Xie et al.’s “Synergetic “amine scissors” break down cured epoxy resins with nearly 100% degradation efficiency” recently appeared in Chemical Engineering Journal. The research work focuses on exploring “cutting” methods with high efficiency and high selectivity for the degradation of waste cured epoxy resins. This work is done by a joint team and the team is led by Guo-Ming Weng, associate professor of Shanghai Key Laboratory of Hydrogen Science & Center of Hydrogen Science, School of Materials Science and Engineering at Shanghai Jiao Tong University. Other contributors are from Agilent Technologies (China) and Jilin University. The abstract appears below.

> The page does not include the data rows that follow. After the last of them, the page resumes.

(* Let $N\ge2$, $\Omega=\mathbb{R}^{N-1}\times(0,\infty)$, $D=\overline{\Omega}\times\overline{\Omega}\times(0,\infty)$, and fix $\epsilon>0$, $\delta>0$, $k>0$. Let \[ H(x,y,t):=-2\int_0^t\Gamma_{N-1}\!\left(x'-y',\frac{t-\tau}{\epsilon}+\frac{k}{\delta}\tau\right)\partial_{\xi}\Gamma_1\!\left(x_N+y_N+\frac{\tau}{\delta},\frac{t-\tau}{\epsilon}\right)d\tau,\quad (x,y,t)\in D. \] Set $\Lambda:=\max\{\delta,k\epsilon\}$, $\lambda:=\min\{\delta,k\epsilon\}$. Then there exists $C>0$ such that for all $(x,y,t)\in D$, \[ C^{-1}\underline{h}(x,y,t)\,\Gamma_{N-1}\!\left(x'-y',\frac{\lambda}{\epsilon\delta}t\right)\le H(x,y,t)\le C\,\overline{h}(x,y,t)\,\Gamma_{N-1}\!\left(x'-y',\frac{\Lambda}{\epsilon\delta}t\right), \] where $\overline h=\underline h=1$ on $D_1$; $\overline h=\Gamma_1(x_N+y_N,t/\epsilon)$ and $\underline h=\Gamma_1(x_N+y_N,t/(2\epsilon))$ on $D_2\cup D_4$; $\overline h=(x_N+y_N+t/\delta)\Gamma_1(x_N+y_N,t/\epsilon)$ and $\underline h=(x_N+y_N+t/\delta)\Gamma_1(x_N+y_N,t/(2\epsilon))$ on $D_3$. Here $D_1=\{(x,y,t)\in D:\epsilon(x_N+y_N)^2<6t,\ t<12\delta^2/\epsilon\}$, $D_2=\{(x,y,t)\in D:\epsilon(x_N+y_N)^2<6t,\ t\ge12\delta^2/\epsilon\}$, $D_3=\{(x,y,t)\in D:\epsilon(x_N+y_N)^2\ge6t,\ x_N+y_N+t/\delta<\delta/\epsilon\}$, $D_4=\{(x,y,t)\in D:\epsilon(x_N+y_N)^2\ge6t,\ x_N+y_N+t/\delta\ge\delta/\epsilon\}$.
   Context: Points are written $x=(x',x_N)$ with $x'\in\mathbb{R}^{N-1}$, $x_N\ge0$. For $d\ge1$, $\Gamma_d(x,t)=(4\pi t)^{-d/2}\exp(-|x|^2/(4t))$ on $\mathbb{R}^d\times(0,\infty)$; $\partial_\xi\Gamma_1(\xi,s)$ is the derivative of $\Gamma_1$ in its spatial variable. *)

From Stdlib Require Import Reals.
From Coquelicot Require Import Coquelicot.
Open Scope R_scope.

(* Squared Euclidean distance between the first n coordinates of u and v:
   points of R^n are represented by functions nat -> R, only indices < n matter. *)
Fixpoint sqdist (n : nat) (u v : nat -> R) : R :=
  match n with
  | O => 0
  | S m => sqdist m u v + (u m - v m) ^ 2
  end.

(* Heat kernel in dimension d, given the squared norm r2 = |z|^2 of the point z:
   Gamma_d(z,t) = (4 pi t)^(-d/2) exp(-|z|^2/(4t)). *)
Definition Gammad (d : nat) (r2 t : R) : R :=
  / Rpower (4 * PI * t) (INR d / 2) * exp (- r2 / (4 * t)).

Definition GammaN1 (N : nat) (x' y' : nat -> R) (t : R) : R :=
  Gammad (N - 1) (sqdist (N - 1) x' y') t.

Definition Gamma1 (xi s : R) : R := Gammad 1 (xi ^ 2) s.

Definition dGamma1 (xi s : R) : R := Derive (fun z => Gamma1 z s) xi.

Definition Hker (N : nat) (eps delta k : R) (x' : nat -> R) (xN : R)
    (y' : nat -> R) (yN : R) (t : R) : R :=
  -2 * RInt (fun tau =>
        GammaN1 N x' y' ((t - tau) / eps + k / delta * tau)
        * dGamma1 (xN + yN + tau / delta) ((t - tau) / eps)) 0 t.

(* With a = x_N + y_N, s(τ) = (t - τ)/ε and ξ(τ) = a + τ/δ, the kernel is
   H = ∫_0^t Γ_{N-1}(x' - y', T(τ)) J(τ) dτ, where J = -2 ∂_ξΓ_1(ξ, s) >= 0 and
   T(τ) = (t - τ)/ε + kτ/δ is a convex combination of t/ε and kt/δ, hence lies between
   λt/(εδ) and Λt/(εδ).  On that time range Γ_{N-1}(z, .) varies by at most the factor
   (Λ/λ)^((N-1)/2), so H is comparable to Γ_{N-1}(x' - y', λt/(εδ) resp. Λt/(εδ)) times
   I = ∫_0^t J.

   I has no closed form, but Φ(τ) = 4 √s e^{-ξ²/(4s)} / B with B = a + (2t - τ)/δ
   satisfies κ Φ' = -J (1 + 2s/B²), κ = ε/√(4π).  As B >= A = a + t/δ,
   integrating over [τ0, t] gives
     κ Φ(τ0) / (1 + 2 s(τ0)/A²) <= ∫_{τ0}^t J <= κ Φ(τ0),
   and κ Φ(0) = 4t Γ_1(a, t/ε) / (a + 2t/δ).  The regions D1-D4 are elementary case
   analyses of these bounds; in D1 one takes τ0 = t - εA²/36, where s(τ0) = A²/36. *)

From Stdlib Require Import Reals Lra Psatz.
From Coquelicot Require Import Coquelicot.
Open Scope R_scope.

“Thermoset polymers are widely established in regard to high-tech fields and industrial sectors, owing to their high strength, good heat resistance and excellent electrical properties. The recycling of waste cured epoxy resins has been challenging due to their rigid three-dimensional network structure. Therefore, it is critical to explore “cutting” methods with high efficiency and high selectivity for their degradation. Herein, we show sharp “amine scissors” (originated from the reaction of diethylenetriamine and dichloromethane) with ultrahigh degradation degree of ∼ 100 % and fast degradation rate of 119.99 % h−1 for up to eight types of cured epoxy resins (including two commercial products) under mild conditions. It is worth noting that i) this concept can be further generalized to other solvent combinations; ii) pre-immersion/expansion step could be also skipped; and iii) the degradation rates of the bulk cured epoxy resins without fine pulverization by the method described herein are still up to 100 %, holding great promise to recover glass fibers from epoxy resin-based composite materials containing ester bonds. These remarkable results are enabled by a synergistic effect from the as-generated amines with different nucleophilic ability and alkalinity in the ester bond amination or breakdown process, which is supported by experimental and theoretical investigations. Moreover, the resultant constituent molecular parts are then recovered and reused to yield new cured epoxy resins with high performance. Therefore, this unique strategy could enable ultrahigh-efficiency recycling of most cured epoxy resins and their composites towards a more “circular” epoxy resin industry. In line with other exciting achievements highlighted in the literature, this work provides a sort of striking conceptual advance to promote circular economy of epoxy resins and their composites.”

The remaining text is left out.